Ülkemizde ilk nüfus sayımı 1927 yılında yapıldığı için 1923-1927 yılları arasındaki dönemdeki nüfus’u da 1927 yılındaki nüfus’a eşit aldım.1927-1935 yılları arasında ülke nüfusunda zaten ciddi bir değişiklik yok. Küçükte olsa mutlaka hata payı bulunuyor olabilir. Bu hata payı genel rakamları çok fazla değiştirebilecek etkileyebilecek düzeyde olmayacaktır.

Her yıl için güncel kuru hesaplarken 1923 yılından itibaren 1 doların değerini her yıl ABD enflasyon oranında artırarak hesapladım. Bu yüzden burada belki çok küçükte olsa bir hata payı bulunabilir. Yaptığım hesaplama yöntemi için her türlü öneriye ve eleştiriye de açığım. Hata paylarını minimize edecek önerileri ayrıca bekliyorum.

1923 yılından sonra dolar kuru bazen değerlenmiş ama belli yıllarda ise bir önceki yıllara göre değer kaybetmiştir. 1931 yılında 1 dolar ile alınan bir ürün 1935 yılında 0,85 dolar ile alınabilmeye başlanmıştır. 1943 yılına kadar 1929 yılında başlayan Büyük Buhran diye adlandırılan ABD ekonomisinin çökmesi bunun sonucunda alım gücünün düşmesi işsizliğin artması sonucu enflasyonda negatif seyredip doların ciddi oranda değer kazanmıştır.

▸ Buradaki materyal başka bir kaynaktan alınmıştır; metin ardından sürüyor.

Arguments vzero {b} : rename.
Arguments vadd {b} : rename.
Arguments vopp {b} : rename.
Arguments vscal {b} : rename.
Arguments vnorm {b} : rename.

Definition vsub {X : BanachSpace} (x y : X) : X := vadd x (vopp y).

Section Topology.
Variables X Y : BanachSpace.

Definition is_open (U : X -> Prop) : Prop :=
  forall x, U x -> exists eps, 0 < eps /\ forall x', vnorm (vsub x' x) < eps -> U x'.

Definition is_open_XR (W : X -> R -> Prop) : Prop :=
  forall x t, W x t -> exists eps, 0 < eps /\
    forall x' t', vnorm (vsub x' x) < eps -> Rabs (t' - t) < eps -> W x' t'.

Definition is_connected (D : X -> Prop) : Prop :=
  forall U V : X -> Prop, is_open U -> is_open V ->
    (forall x, D x -> U x \/ V x) ->
    (exists x, D x /\ U x) -> (exists x, D x /\ V x) ->
    exists x, D x /\ U x /\ V x.

Definition image (f : X -> Y) (U : X -> Prop) : Y -> Prop :=
  fun y => exists x, U x /\ f x = y.

Definition continuous_on (U : X -> Prop) (f : X -> Y) : Prop :=
  forall x, U x -> forall eps, 0 < eps -> exists delta, 0 < delta /\
    forall x', U x' -> vnorm (vsub x' x) < delta -> vnorm (vsub (f x') (f x)) < eps.

Definition injective_on (U : X -> Prop) (f : X -> Y) : Prop :=
  forall x x', U x -> U x' -> f x = f x' -> x = x'.

Definition bounded_linear (L : X -> Y) : Prop :=
  (forall x y, L (vadd x y) = vadd (L x) (L y)) /\
  (forall a x, L (vscal a x) = vscal a (L x)) /\
  (exists M, 0 <= M /\ forall x, vnorm (L x) <= M * vnorm x).

Definition frechet_at (U : X -> Prop) (f : X -> Y) (x : X) (L : X -> Y) : Prop :=
  bounded_linear L /\
  forall eps, 0 < eps -> exists delta, 0 < delta /\
    forall h, vnorm h < delta -> U (vadd x h) ->
      vnorm (vsub (vsub (f (vadd x h)) (f x)) (L h)) <= eps * vnorm h.

Definition frechet_derivative_on (U : X -> Prop) (f : X -> Y) (Df : X -> X -> Y) : Prop :=
  forall x, U x -> frechet_at U f x (Df x).

(** f is C^1 on the open set U: Frechet differentiable with derivative
    continuous for the operator norm *)
Definition C1_on (U : X -> Prop) (f : X -> Y) : Prop :=
  exists Df : X -> X -> Y, frechet_derivative_on U f Df /\
    forall x, U x -> forall eps, 0 < eps -> exists delta, 0 < delta /\
      forall x', U x' -> vnorm (vsub x' x) < delta ->
        forall h, vnorm (vsub (Df x' h) (Df x h)) <= eps * vnorm h.

End Topology.

Arguments is_open {X}.
Arguments is_open_XR {X}.
Arguments is_connected {X}.
Arguments image {X Y}.
Arguments continuous_on {X Y}.
Arguments injective_on {X Y}.
Arguments bounded_linear {X Y}.
Arguments frechet_at {X Y}.
Arguments frechet_derivative_on {X Y}.
Arguments C1_on {X Y}.

Definition local_homeomorphism {X Y : BanachSpace} (D : X -> Prop) (f : X -> Y) : Prop :=
  forall x, D x -> exists U : X -> Prop,
    is_open U /\ (forall u, U u -> D u) /\ U x /\
    is_open (image f U) /\ injective_on U f /\ continuous_on U f /\
    exists g : Y -> X,
      (forall v, image f U v -> U (g v) /\ f (g v) = v) /\
      continuous_on (image f U) g.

Yetmişli yıllarda tüm dünyada petrol fiyatlarının artması ABD de ve diğer ülkelerde ciddi bir enflasyona sebep oldu. ABD ‘de 1970- 1980 yılları arasında kümülatif enflasyon %100’ü geçti.

Hesap yaparken şuna dikkat ettim. 1923 yılındaki 1 doları ABD’de her yıl oluşan enflasyon kadar artırarak 2016 yılına kadar taşıdım. 1923 2016 yılları arasında ABD’de kümülatif enflasyon %1304 oldu.

Tablodaki verilerde ise Türkiye için TÜİK’ten G7 ülkeleri için ise Angus Maddison verilerinden faydalandım. 2016 verilerini (Tahmin) ise Türkiye’ninkini TUİK’ ten G7 ülkeleri için ise IMF’in internet sitesinden aldım.

Grafikte görüldüğü gibi 1923’ten günümüze kadar oluşan Gayri Safi Milli Hâsıla veya yaratılan katma değer ortaya çıkıyor.

Birinci Dünya savaşı ardından ülkeler arası rekabet taşımacılık sektöründe ciddi bir ivme kazandırdı. Bunun doğal sonucu olarak ülkeler arası mal ticareti arttı. Dünya ekonomisi ciddi bir büyüme yakaladı. Yaptığım hesaplara göre Türkiye ekonomisi Cumhuriyetin’in 93 yıllık tarihinde 20,62 trilyon dolarlık katma değer üretti. Bu rakam ABD 1.3 yılda bizimle yaklaşık aynı nüfusta olan Alman ekonomisi ise 2011-2016 yılları arasında 6 yılda ürettiği Gayri Safi Milli Hâsılaya denk geliyor.